WORK INSTRUCTION:
Output only the lines from the start of the entries through the line holding "intros Ha Hu HmT.". Each line must match the original exactly.

====== SUPPLIED INFORMATION ======

Lemma RInt_integrand_head_ge alpha M u :
  0 < alpha < 1 -> 0 <= u -> Rmax u 1 <= tseq alpha M ->
  alpha / 8 * ((rpow u (1 / alpha) - u) / (1 - alpha))
  <= u ^ 3 * RInt (integrand alpha u) 1 (Rmax u 1).
Proof.
  intros Ha Hu HmT.
  assert (Hinv : 1 <= 1 / alpha) by (apply (Rmult_le_reg_l alpha); [lra | field_simplify; lra]).
  destruct (Rle_lt_dec u 1) as [Hu1|Hu1].
  - rewrite Rmax_right, RInt_point by exact Hu1.
    pose proof (rpow_le_self u (1 / alpha) ltac:(lra) Hinv).
    change (@zero R_CompleteNormedModule) with 0. rewrite Rmult_0_r.
    apply Rmult_le_0_l; [lra|]. unfold Rdiv.
    apply Rmult_le_0_r; [lra | left; apply Rinv_0_lt_compat; lra].
  - rewrite Rmax_left in * by lra. rewrite rpow_Rpower by lra.
    pose proof (RInt_integrand_inner_ge alpha u ltac:(lra) Hu M 1 u
                  ltac:(lra) (Rle_refl 1) ltac:(lra) (Rle_refl u) HmT) as Hbound.
    rewrite Rpower_1_l in Hbound.
    replace (1 / alpha - 1) with (1 / alpha - INR 1) in Hbound by (simpl; ring).
    rewrite Rpower_minus_nat in Hbound by lra.
    eapply Rle_trans; [|apply Rmult_le_compat_l; [apply pow_le; lra | exact Hbound]].
    right. field. lra.
Qed.

Lemma IM_lower_bound_large_u alpha M u :
  0 < alpha <= 1 / 3 -> (1 <= M)%nat -> tseq alpha M <= u ->
  IM alpha M u >= alpha / (8 * (1 - alpha)) * u * (rpow (INR M) (1 - alpha) - 1).
Proof.
  intros Ha HM Hu.
  pose proof (tseq_ge1 alpha ltac:(lra) M HM) as HT.
  pose proof (IM_ge_RInt alpha u ltac:(lra) ltac:(lra) M 1 (tseq alpha M)
                ltac:(lra) HT (Rle_refl _)) as HIM.
  pose proof (RInt_integrand_inner_ge alpha u ltac:(lra) ltac:(lra) M 1 (tseq alpha M)
                ltac:(lra) (Rle_refl 1) HT Hu (Rle_refl _)) as Hbound.
  rewrite Rpower_1_l, Rpower_tseq in Hbound by (lra || exact HM).
  replace (alpha * (1 / alpha - 1)) with (1 - alpha) in Hbound by (field; lra).
  rewrite rpow_Rpower by (apply (lt_INR 0); lia).
  apply Rle_ge, (Rle_trans _ (u ^ 3 * RInt (integrand alpha u) 1 (tseq alpha M))); [|exact HIM].
  eapply Rle_trans; [|apply Rmult_le_compat_l; [apply pow_le; lra | exact Hbound]].
  right. field. lra.
Qed.

Lemma IM_lower_bound_small_u alpha M u :
  0 < alpha < 1 / 3 -> (1 <= M)%nat -> 0 <= u -> u <= tseq alpha M ->
  IM alpha M u >=
    alpha / 8 * ((rpow u (1 / alpha) - u) / (1 - alpha)
                 + u ^ 3 * (rpow (INR M) (1 - 3 * alpha)
                            - rpow (Rmax u 1) (1 / alpha - 3)) / (1 - 3 * alpha)).
Proof.
  intros Ha HM Hu HuT.
  pose proof (tseq_ge1 alpha ltac:(lra) M HM) as HT.
  assert (Hm : 1 <= Rmax u 1 /\ u <= Rmax u 1 /\ Rmax u 1 <= tseq alpha M)
    by (split; [apply Rmax_r | split; [apply Rmax_l | apply Rmax_lub; lra]]).
  pose proof (RInt_integrand_head_ge alpha M u ltac:(lra) Hu ltac:(apply Hm)) as Hhead.
  pose proof (RInt_integrand_outer_ge alpha u ltac:(lra) Hu M (Rmax u 1) (tseq alpha M)
                ltac:(lra) ltac:(lra) ltac:(lra) ltac:(lra) (Rle_refl _)) as Htail.
  rewrite Rpower_tseq in Htail by (lra || exact HM).
  replace (alpha * (1 / alpha - 3)) with (1 - 3 * alpha) in Htail by (field; lra).
  pose proof (IM_ge_RInt alpha u ltac:(lra) Hu M 1 (tseq alpha M)
                ltac:(lra) HT (Rle_refl _)) as HIM.
  assert (Hsplit : RInt (integrand alpha u) 1 (Rmax u 1)
                   + RInt (integrand alpha u) (Rmax u 1) (tseq alpha M)
                   = RInt (integrand alpha u) 1 (tseq alpha M))
    by (apply (@RInt_Chasles R_CompleteNormedModule);
        apply (ex_RInt_integrand_sub alpha u ltac:(lra) Hu M); lra).
  rewrite <- Hsplit, Rmult_plus_distr_l in HIM.
  rewrite (rpow_Rpower (INR M)), (rpow_Rpower (Rmax u 1))
    by (lra || (apply (lt_INR 0); lia)).
  apply (Rmult_le_compat_l (u ^ 3)) in Htail; [|apply pow_le; lra].
  replace (u ^ 3 * _) with
    (alpha / 8 * (u ^ 3 * (Rpower (INR M) (1 - 3 * alpha) - Rpower (Rmax u 1) (1 / alpha - 3))
                  / (1 - 3 * alpha))) in Htail by (field; lra).
  lra.
Qed.
(* Let $f$ be a homogeneous polynomial of degree $d\ge 2$ on $\mathbb{C}^2$. Then the holomorphic Hessian metric $-\frac{1}{d(d-1)}\partial^2 f/\partial x_i\partial x_j$ is flat on the open set where the Hessian determinant $\det(\partial^2 f/\partial x_i\partial x_j)$ is nonzero.
   Context: Over $\mathbb{C}$, a (holomorphic) metric means a nondegenerate symmetric complex-bilinear form on the holomorphic tangent bundle; its Levi-Civita connection, curvature tensor and sectional curvatures are defined by the same algebraic formulas as for real pseudo-Riemannian metrics, and flat means the curvature tensor vanishes. *)

(* Holomorphic derivatives are the
   MathComp-Analysis directional derivatives over the scalar field C itself
   (so h -> 0 in C: complex differentiation when C = R[i]). *)
From HB Require Import structures.
From mathcomp Require Import all_boot all_order all_algebra.
From mathcomp Require Import all_classical all_reals all_analysis.
From mathcomp Require Import complex.
Set Implicit Arguments. Unset Strict Implicit. Unset Printing Implicit Defensive.
Import Order.TTheory GRing.Theory Num.Theory.
Import numFieldNormedType.Exports.
Local Open Scope ring_scope.

Definition pd (C : numFieldType) (f : 'rV[C]_2 -> C) (i : 'I_2) (x : 'rV[C]_2) : C :=
  'D_(delta_mx 0 i) f x.

Definition hom2 (C : numFieldType) (d : nat) (a : 'I_d.+1 -> C) (x : 'rV[C]_2) : C :=
  \sum_(k < d.+1) a k * x 0 0 ^+ k * x 0 1 ^+ (d - k).

Definition hessian (C : numFieldType) (f : 'rV[C]_2 -> C) (x : 'rV[C]_2) : 'M[C]_2 :=
  \matrix_(i, j) pd (pd f j) i x.

Definition metric_mx (C : numFieldType) (g : 'I_2 -> 'I_2 -> 'rV[C]_2 -> C)
  (x : 'rV[C]_2) : 'M[C]_2 := \matrix_(i, j) g i j x.

Definition hessian_metric (C : numFieldType) (d : nat) (f : 'rV[C]_2 -> C) :
  'I_2 -> 'I_2 -> 'rV[C]_2 -> C :=
  fun i j x => - ((d * (d - 1))%:R)^-1 * pd (pd f j) i x.

Definition christoffel (C : numFieldType) (g : 'I_2 -> 'I_2 -> 'rV[C]_2 -> C)
  (k i j : 'I_2) (x : 'rV[C]_2) : C :=
  2^-1 * \sum_(l < 2) (invmx (metric_mx g x)) k l *
           (pd (g j l) i x + pd (g i l) j x - pd (g i j) l x).

(* Riemann curvature tensor R^l_{kij} (components of R(d_i,d_j) d_k):
   d_i Gamma^l_jk - d_j Gamma^l_ik + Gamma^l_im Gamma^m_jk - Gamma^l_jm Gamma^m_ik *)
Definition curvature (C : numFieldType) (g : 'I_2 -> 'I_2 -> 'rV[C]_2 -> C)
  (l k i j : 'I_2) (x : 'rV[C]_2) : C :=
  pd (christoffel g l j k) i x - pd (christoffel g l i k) j x
  + \sum_(m < 2) (christoffel g l i m x * christoffel g m j k x
                  - christoffel g l j m x * christoffel g m i k x).

Definition flat_on (C : numFieldType) (g : 'I_2 -> 'I_2 -> 'rV[C]_2 -> C)
  (U : 'rV[C]_2 -> Prop) : Prop :=
  forall x, U x -> forall l k i j : 'I_2, curvature g l k i j x = 0.

From HB Require Import structures.
From mathcomp Require Import all_boot all_order all_algebra.
From mathcomp Require Import all_classical all_reals all_analysis.
From mathcomp Require Import complex ring zify.
Set Implicit Arguments. Unset Strict Implicit. Unset Printing Implicit Defensive.
Import Order.TTheory GRing.Theory Num.Theory.
Import numFieldNormedType.Exports.
Local Open Scope classical_set_scope.
Local Open Scope ring_scope.

(* For a Hessian metric g = c D^2 f the Christoffel matrices are
   Gamma_i = 1/2 g^-1 (d_i g); the fourth derivatives of f cancel in the
   curvature, leaving R(d_i, d_j) = - [Gamma_i, Gamma_j].  When f is homogeneous
   of degree d, Euler's identity for its third derivatives gives
   x_0 Gamma_0 + x_1 Gamma_1 = (d - 2)/2 Id, so for d > 2 the two Christoffel
   matrices commute; for d = 2 they vanish. *)

Lemma ord2P (i : 'I_2) : i = 0 \/ i = 1.
Proof. by case: i => [[|[|n]]] // Hi; [left | right]; apply/val_inj. Qed.

Lemma sum_ord2 (V : nmodType) (F : 'I_2 -> V) : \sum_(i < 2) F i = F 0 + F 1.
Proof. by rewrite big_ord_recl big_ord1; congr (_ + F _); apply/val_inj. Qed.

Section Matrix2.
Variable R : comRingType.
Implicit Type A : 'M[R]_2.

Lemma det_mx2 A : \det A = A 0 0 * A 1 1 - A 0 1 * A 1 0.
Proof.
rewrite (expand_det_row _ 0) sum_ord2 /cofactor !det_mx11 !mxE /=.
have -> : lift 0 (0 : 'I_1) = 1 :> 'I_2 by apply/val_inj.
have -> : lift 1 (0 : 'I_1) = 0 :> 'I_2 by apply/val_inj.
by rewrite expr0 expr1 !mul1r mulN1r mulrN.
Qed.
(* Let $\lambda/\mu$ be a border strip with $n$ cells, let $Q_{\lambda/\mu}$ be its border strip poset, and let $\omega$ be a reversed Schur labeling. Then $$e_q^{\mathrm{inv}}(Q_{\lambda/\mu},\omega)=e_q^{\mathrm{maj}}(Q_{\lambda/\mu},\omega).$$
   Context: English notation: $[\lambda]=\{(i,j):1\le i\le\ell(\lambda),1\le j\le\lambda_i\}$, $[\lambda/\mu]=[\lambda]\setminus[\mu]$, content $c(i,j)=j-i$. A border strip is a skew shape whose diagram is edge-connected with no $2\times2$ square. Its poset $Q_{\lambda/\mu}$ on $[\lambda/\mu]$ has $(i,j)\le(i',j')$ iff $i\ge i'$ and $j\ge j'$. A reversed Schur labeling is a bijection $\omega:[\lambda/\mu]\to[n]$ whose values strictly decrease as the cells are listed in increasing order of content. Each linear extension (order-preserving bijection $g:Q_{\lambda/\mu}\to[n]$) gives the word $\sigma=\omega\circ g^{-1}=\sigma_1\cdots\sigma_n$; $\mathrm{maj}(\sigma)=\sum_{i:\sigma_i>\sigma_{i+1}}i$ and $\mathrm{inv}(\sigma)=\#\{(i,j):i<j,\ \sigma_i>\sigma_j\}$. $e_q^{\mathrm{stat}}(Q_{\lambda/\mu},\omega)=\sum_g q^{\mathrm{stat}(\omega\circ g^{-1})}$ for $\mathrm{stat}\in\{\mathrm{maj},\mathrm{inv}\}$. *)

From mathcomp Require Import all_boot all_order all_algebra.
Set Implicit Arguments. Unset Strict Implicit. Unset Printing Implicit Defensive.
Import GRing.Theory.

(* A cell (i, j) : row i, column j, 1-indexed (English notation). *)
Definition cell := (nat * nat)%type.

======

EXERCISE SOLUTION:
Lemma RInt_integrand_head_ge alpha M u :
  0 < alpha < 1 -> 0 <= u -> Rmax u 1 <= tseq alpha M ->
  alpha / 8 * ((rpow u (1 / alpha) - u) / (1 - alpha))
  <= u ^ 3 * RInt (integrand alpha u) 1 (Rmax u 1).
Proof.
  intros Ha Hu HmT.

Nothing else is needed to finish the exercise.